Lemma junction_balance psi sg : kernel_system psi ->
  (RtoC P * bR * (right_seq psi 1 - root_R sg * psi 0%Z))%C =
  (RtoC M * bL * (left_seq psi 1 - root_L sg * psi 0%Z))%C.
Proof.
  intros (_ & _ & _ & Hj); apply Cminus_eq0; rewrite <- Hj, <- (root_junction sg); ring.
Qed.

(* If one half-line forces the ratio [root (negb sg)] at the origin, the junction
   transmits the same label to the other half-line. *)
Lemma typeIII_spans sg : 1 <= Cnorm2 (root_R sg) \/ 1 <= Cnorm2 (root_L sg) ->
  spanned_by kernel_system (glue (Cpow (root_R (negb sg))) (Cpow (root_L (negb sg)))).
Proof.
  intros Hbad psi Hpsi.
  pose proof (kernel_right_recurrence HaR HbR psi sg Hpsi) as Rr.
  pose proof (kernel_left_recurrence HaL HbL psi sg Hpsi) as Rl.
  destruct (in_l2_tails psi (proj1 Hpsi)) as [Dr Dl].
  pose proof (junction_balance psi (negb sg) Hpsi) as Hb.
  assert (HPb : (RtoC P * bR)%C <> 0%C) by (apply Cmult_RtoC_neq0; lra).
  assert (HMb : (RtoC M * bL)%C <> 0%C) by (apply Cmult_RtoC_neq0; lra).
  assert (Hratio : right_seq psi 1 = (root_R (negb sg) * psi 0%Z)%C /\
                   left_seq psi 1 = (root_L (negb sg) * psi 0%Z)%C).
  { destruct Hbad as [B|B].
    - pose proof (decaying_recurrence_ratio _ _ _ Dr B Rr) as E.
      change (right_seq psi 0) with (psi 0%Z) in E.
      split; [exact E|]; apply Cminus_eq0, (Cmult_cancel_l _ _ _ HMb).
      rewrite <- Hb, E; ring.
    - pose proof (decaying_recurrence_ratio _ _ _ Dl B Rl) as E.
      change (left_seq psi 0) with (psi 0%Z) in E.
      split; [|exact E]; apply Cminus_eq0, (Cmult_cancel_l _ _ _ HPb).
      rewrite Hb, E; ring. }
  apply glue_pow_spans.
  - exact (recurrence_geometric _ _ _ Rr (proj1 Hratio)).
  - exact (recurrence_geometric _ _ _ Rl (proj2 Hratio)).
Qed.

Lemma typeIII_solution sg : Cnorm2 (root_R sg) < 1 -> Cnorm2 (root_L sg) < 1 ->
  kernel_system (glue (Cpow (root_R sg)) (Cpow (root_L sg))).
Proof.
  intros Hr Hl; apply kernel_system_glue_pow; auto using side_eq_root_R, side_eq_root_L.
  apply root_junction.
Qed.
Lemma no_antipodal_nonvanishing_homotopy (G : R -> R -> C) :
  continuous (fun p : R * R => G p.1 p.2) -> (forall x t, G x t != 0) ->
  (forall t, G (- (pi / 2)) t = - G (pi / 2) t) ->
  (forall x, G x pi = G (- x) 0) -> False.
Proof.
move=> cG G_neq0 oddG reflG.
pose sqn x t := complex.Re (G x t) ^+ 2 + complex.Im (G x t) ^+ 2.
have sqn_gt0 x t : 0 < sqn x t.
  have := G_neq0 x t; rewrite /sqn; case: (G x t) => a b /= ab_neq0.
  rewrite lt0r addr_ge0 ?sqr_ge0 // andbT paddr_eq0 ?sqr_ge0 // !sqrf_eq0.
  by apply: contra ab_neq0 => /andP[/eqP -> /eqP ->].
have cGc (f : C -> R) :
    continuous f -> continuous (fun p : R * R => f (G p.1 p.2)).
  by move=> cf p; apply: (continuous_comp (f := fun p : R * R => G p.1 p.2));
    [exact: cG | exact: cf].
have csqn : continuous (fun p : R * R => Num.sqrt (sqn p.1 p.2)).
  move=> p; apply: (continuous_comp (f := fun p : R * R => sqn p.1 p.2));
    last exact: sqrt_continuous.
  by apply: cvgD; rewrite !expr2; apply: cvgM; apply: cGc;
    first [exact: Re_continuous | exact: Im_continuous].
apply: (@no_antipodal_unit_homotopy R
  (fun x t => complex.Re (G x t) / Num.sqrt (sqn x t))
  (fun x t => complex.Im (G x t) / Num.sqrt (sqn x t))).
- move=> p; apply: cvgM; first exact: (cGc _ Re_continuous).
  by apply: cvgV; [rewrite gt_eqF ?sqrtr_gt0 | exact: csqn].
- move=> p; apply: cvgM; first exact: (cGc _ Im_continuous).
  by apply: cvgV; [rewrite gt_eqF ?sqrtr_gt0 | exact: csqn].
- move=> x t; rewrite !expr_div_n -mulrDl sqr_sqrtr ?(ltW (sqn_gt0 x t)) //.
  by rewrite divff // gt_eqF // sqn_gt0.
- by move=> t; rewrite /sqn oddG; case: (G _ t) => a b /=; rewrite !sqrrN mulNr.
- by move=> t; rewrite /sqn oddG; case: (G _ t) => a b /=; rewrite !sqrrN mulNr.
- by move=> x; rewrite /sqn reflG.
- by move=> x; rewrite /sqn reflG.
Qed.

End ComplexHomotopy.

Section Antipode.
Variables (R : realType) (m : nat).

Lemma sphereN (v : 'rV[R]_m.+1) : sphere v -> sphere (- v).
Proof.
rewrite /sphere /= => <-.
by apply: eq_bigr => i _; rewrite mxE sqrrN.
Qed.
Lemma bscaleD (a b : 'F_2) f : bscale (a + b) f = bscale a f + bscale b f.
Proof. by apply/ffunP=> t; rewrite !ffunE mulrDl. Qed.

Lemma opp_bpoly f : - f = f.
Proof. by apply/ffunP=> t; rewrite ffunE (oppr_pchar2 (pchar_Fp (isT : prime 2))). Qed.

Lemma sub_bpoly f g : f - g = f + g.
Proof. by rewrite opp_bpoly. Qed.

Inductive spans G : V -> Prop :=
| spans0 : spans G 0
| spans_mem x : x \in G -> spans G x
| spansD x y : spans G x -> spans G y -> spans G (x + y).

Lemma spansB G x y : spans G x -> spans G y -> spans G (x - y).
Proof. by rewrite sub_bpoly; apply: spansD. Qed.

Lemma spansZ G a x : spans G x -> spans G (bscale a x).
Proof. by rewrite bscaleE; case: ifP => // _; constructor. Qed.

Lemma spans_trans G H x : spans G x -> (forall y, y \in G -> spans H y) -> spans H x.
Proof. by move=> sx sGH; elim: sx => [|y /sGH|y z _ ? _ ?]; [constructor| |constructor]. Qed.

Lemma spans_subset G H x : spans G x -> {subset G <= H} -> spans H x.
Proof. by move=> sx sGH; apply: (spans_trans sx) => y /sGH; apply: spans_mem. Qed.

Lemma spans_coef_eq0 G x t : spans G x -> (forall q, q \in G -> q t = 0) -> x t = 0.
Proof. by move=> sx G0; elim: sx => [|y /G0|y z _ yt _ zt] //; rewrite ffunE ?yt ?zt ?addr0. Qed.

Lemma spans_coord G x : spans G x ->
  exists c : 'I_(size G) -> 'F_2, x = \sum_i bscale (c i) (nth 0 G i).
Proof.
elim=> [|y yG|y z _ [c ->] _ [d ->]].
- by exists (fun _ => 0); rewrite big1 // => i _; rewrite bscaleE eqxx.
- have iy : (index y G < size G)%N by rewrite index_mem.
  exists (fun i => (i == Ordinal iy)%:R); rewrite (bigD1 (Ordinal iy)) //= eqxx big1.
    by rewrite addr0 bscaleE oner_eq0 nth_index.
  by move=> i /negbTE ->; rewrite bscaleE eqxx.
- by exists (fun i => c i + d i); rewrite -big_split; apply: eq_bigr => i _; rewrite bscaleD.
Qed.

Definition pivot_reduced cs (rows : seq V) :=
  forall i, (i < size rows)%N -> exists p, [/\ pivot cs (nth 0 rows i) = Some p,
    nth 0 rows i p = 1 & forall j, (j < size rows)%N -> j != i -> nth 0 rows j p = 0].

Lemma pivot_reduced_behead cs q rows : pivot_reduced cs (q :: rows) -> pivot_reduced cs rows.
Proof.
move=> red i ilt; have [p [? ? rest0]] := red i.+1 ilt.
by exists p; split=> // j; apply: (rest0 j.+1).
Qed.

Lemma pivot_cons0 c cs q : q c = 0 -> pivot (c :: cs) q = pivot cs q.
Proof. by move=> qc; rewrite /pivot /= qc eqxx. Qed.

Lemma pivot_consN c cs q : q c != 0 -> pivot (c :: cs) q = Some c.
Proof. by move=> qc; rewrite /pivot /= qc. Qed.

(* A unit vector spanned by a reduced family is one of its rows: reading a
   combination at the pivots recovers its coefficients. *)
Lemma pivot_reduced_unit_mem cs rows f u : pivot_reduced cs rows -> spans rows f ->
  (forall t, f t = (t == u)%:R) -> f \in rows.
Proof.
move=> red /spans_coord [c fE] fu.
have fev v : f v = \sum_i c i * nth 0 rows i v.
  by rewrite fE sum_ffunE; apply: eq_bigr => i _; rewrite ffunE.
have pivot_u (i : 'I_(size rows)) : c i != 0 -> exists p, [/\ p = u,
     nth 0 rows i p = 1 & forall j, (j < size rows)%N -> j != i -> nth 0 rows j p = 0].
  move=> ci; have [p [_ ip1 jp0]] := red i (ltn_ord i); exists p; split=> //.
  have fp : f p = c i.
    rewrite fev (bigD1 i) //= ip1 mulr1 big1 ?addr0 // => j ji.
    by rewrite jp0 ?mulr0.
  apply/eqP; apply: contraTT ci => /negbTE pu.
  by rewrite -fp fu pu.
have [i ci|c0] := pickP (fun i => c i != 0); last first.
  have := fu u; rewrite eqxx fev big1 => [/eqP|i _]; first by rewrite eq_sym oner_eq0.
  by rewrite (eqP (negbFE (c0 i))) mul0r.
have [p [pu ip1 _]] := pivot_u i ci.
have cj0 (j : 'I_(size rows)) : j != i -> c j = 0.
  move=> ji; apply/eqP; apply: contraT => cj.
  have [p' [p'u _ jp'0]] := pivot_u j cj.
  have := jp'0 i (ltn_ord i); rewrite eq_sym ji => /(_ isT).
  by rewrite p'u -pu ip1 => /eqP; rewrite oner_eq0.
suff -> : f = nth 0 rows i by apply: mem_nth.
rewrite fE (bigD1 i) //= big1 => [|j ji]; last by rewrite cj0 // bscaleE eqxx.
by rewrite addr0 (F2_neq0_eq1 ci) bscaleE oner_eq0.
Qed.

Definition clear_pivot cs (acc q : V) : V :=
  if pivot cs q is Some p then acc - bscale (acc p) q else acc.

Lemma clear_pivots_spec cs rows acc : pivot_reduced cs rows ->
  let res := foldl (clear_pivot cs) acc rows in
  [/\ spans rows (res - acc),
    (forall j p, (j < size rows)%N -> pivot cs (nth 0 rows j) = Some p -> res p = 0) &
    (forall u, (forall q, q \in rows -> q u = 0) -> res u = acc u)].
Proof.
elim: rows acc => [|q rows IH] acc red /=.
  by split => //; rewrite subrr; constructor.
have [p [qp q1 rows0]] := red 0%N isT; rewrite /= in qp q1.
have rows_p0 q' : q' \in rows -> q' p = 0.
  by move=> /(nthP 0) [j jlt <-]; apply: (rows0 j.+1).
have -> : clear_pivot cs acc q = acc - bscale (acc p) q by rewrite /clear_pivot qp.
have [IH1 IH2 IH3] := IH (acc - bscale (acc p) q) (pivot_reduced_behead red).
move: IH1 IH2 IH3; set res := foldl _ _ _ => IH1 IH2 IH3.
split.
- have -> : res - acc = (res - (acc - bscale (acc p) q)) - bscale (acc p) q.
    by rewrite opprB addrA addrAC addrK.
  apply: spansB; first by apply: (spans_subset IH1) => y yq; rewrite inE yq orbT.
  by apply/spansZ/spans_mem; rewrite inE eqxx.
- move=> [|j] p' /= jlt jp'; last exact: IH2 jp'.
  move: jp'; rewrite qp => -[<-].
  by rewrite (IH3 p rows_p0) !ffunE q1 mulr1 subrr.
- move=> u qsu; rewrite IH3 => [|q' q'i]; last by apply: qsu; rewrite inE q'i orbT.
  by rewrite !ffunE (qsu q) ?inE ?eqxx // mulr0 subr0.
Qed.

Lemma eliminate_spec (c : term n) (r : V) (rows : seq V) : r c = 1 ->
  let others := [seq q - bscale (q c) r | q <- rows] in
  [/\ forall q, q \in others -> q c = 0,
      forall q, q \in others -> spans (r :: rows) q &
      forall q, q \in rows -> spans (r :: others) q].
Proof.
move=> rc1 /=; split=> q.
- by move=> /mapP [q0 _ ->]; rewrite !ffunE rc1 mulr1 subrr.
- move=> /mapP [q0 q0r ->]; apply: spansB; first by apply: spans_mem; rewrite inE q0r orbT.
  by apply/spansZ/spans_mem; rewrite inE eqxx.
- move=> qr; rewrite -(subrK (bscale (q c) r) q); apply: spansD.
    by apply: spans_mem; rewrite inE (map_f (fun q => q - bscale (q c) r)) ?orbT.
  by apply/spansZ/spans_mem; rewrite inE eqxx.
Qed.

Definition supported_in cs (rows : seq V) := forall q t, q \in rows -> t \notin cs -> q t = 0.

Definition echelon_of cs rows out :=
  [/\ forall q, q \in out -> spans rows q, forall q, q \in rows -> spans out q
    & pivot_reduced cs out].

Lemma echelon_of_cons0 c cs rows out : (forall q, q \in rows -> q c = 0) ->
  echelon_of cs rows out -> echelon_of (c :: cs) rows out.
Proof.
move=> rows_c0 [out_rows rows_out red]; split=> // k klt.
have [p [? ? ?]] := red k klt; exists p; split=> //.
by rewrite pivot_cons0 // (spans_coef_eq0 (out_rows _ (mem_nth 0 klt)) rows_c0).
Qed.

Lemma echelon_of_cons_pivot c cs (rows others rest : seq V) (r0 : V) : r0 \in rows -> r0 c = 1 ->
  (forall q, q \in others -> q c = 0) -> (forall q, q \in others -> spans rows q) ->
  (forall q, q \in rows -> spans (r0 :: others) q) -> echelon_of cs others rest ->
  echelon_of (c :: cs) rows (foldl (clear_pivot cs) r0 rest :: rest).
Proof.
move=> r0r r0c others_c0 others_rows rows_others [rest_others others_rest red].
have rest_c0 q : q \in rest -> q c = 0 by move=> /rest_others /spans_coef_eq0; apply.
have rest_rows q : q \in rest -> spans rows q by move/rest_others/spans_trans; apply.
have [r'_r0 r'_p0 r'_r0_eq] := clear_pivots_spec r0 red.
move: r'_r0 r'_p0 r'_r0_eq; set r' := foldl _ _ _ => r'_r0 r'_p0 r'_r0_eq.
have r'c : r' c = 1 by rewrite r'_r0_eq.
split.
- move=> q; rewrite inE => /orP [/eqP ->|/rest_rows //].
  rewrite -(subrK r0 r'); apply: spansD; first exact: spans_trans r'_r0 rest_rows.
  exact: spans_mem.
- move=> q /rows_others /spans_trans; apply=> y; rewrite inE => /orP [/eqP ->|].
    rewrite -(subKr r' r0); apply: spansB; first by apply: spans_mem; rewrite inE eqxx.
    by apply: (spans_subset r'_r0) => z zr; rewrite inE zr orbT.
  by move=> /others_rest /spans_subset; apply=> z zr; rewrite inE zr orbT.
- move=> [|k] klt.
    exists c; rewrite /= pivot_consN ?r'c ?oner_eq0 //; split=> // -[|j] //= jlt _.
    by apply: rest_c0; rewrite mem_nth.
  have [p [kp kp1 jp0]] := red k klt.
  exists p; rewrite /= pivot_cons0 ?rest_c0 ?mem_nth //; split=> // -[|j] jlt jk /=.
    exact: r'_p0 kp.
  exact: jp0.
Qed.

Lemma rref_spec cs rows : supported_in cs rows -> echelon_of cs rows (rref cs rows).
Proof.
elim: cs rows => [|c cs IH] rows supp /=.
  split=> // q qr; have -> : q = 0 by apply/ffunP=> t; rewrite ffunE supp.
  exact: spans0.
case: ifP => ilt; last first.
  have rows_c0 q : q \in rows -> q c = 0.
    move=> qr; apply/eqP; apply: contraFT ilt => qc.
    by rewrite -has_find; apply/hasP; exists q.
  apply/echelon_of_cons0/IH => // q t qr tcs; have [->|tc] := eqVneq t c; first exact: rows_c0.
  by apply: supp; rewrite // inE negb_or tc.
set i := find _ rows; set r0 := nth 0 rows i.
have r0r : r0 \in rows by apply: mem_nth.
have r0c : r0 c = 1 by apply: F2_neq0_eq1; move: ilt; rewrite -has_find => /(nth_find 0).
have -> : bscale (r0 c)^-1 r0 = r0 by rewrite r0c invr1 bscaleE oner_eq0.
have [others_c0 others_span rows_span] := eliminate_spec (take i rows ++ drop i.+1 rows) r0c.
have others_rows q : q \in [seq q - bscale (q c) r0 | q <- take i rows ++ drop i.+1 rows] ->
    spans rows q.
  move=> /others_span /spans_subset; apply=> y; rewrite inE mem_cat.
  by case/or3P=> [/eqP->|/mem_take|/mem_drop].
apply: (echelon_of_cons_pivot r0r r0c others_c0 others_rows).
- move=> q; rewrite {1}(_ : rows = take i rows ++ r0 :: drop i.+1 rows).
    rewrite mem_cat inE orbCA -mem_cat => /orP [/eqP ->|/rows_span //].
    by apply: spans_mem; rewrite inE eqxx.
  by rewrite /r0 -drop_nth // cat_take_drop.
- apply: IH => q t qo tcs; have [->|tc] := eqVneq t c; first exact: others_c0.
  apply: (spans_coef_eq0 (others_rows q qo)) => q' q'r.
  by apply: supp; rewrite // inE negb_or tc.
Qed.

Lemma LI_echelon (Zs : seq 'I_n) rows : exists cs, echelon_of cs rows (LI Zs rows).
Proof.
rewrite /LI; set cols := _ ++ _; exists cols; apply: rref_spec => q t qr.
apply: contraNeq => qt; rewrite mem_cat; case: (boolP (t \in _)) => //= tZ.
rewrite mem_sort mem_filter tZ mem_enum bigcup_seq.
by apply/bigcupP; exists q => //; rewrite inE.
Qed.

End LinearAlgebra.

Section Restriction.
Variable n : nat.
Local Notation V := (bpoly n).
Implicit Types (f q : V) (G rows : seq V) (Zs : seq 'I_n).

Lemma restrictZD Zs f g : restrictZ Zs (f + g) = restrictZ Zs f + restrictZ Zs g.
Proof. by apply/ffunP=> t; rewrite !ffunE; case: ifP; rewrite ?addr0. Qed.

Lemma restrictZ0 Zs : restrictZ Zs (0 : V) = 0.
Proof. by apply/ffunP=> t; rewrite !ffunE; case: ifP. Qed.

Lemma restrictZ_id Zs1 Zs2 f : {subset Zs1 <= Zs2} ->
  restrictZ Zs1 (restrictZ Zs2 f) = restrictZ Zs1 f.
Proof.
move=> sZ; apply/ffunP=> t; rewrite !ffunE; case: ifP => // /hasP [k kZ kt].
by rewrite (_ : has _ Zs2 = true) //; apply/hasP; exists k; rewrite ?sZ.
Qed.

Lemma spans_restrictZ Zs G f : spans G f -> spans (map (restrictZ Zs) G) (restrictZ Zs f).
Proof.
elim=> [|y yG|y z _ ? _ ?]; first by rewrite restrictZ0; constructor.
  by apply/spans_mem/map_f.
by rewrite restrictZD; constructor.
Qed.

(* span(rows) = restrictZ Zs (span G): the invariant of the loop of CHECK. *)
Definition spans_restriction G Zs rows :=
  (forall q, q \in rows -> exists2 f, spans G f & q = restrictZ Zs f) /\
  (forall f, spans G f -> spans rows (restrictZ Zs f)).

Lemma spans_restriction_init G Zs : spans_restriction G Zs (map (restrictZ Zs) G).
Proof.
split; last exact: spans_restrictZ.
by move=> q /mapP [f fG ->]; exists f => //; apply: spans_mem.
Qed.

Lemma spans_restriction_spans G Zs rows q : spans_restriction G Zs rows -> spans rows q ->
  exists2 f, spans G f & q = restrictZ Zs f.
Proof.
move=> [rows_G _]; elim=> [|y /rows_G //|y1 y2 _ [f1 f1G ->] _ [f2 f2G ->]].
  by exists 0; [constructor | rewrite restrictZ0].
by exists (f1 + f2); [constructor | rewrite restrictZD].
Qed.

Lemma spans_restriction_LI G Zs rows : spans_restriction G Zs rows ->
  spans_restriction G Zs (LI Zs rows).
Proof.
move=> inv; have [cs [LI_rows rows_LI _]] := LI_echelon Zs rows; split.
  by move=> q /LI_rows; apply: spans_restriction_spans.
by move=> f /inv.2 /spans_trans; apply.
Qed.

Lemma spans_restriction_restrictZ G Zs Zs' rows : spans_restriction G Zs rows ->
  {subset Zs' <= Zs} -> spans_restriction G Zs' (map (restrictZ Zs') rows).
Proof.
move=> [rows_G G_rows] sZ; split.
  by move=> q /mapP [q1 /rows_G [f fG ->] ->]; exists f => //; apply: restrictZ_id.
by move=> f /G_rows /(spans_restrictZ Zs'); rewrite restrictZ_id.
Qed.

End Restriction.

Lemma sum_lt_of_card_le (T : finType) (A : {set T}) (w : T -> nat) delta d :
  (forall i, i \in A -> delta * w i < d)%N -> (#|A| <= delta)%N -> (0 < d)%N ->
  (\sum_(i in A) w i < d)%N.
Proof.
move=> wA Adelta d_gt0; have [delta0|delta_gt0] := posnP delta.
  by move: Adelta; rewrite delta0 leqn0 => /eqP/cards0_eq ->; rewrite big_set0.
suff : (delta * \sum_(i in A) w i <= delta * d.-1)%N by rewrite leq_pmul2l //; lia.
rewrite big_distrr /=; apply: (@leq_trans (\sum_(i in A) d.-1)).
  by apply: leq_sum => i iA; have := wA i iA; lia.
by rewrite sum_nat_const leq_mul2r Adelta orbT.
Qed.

## Exercise requirements
From the data, list each line in which the string "half" appears.

## Result for this task
(* If one half-line forces the ratio [root (negb sg)] at the origin, the junction
   transmits the same label to the other half-line. *)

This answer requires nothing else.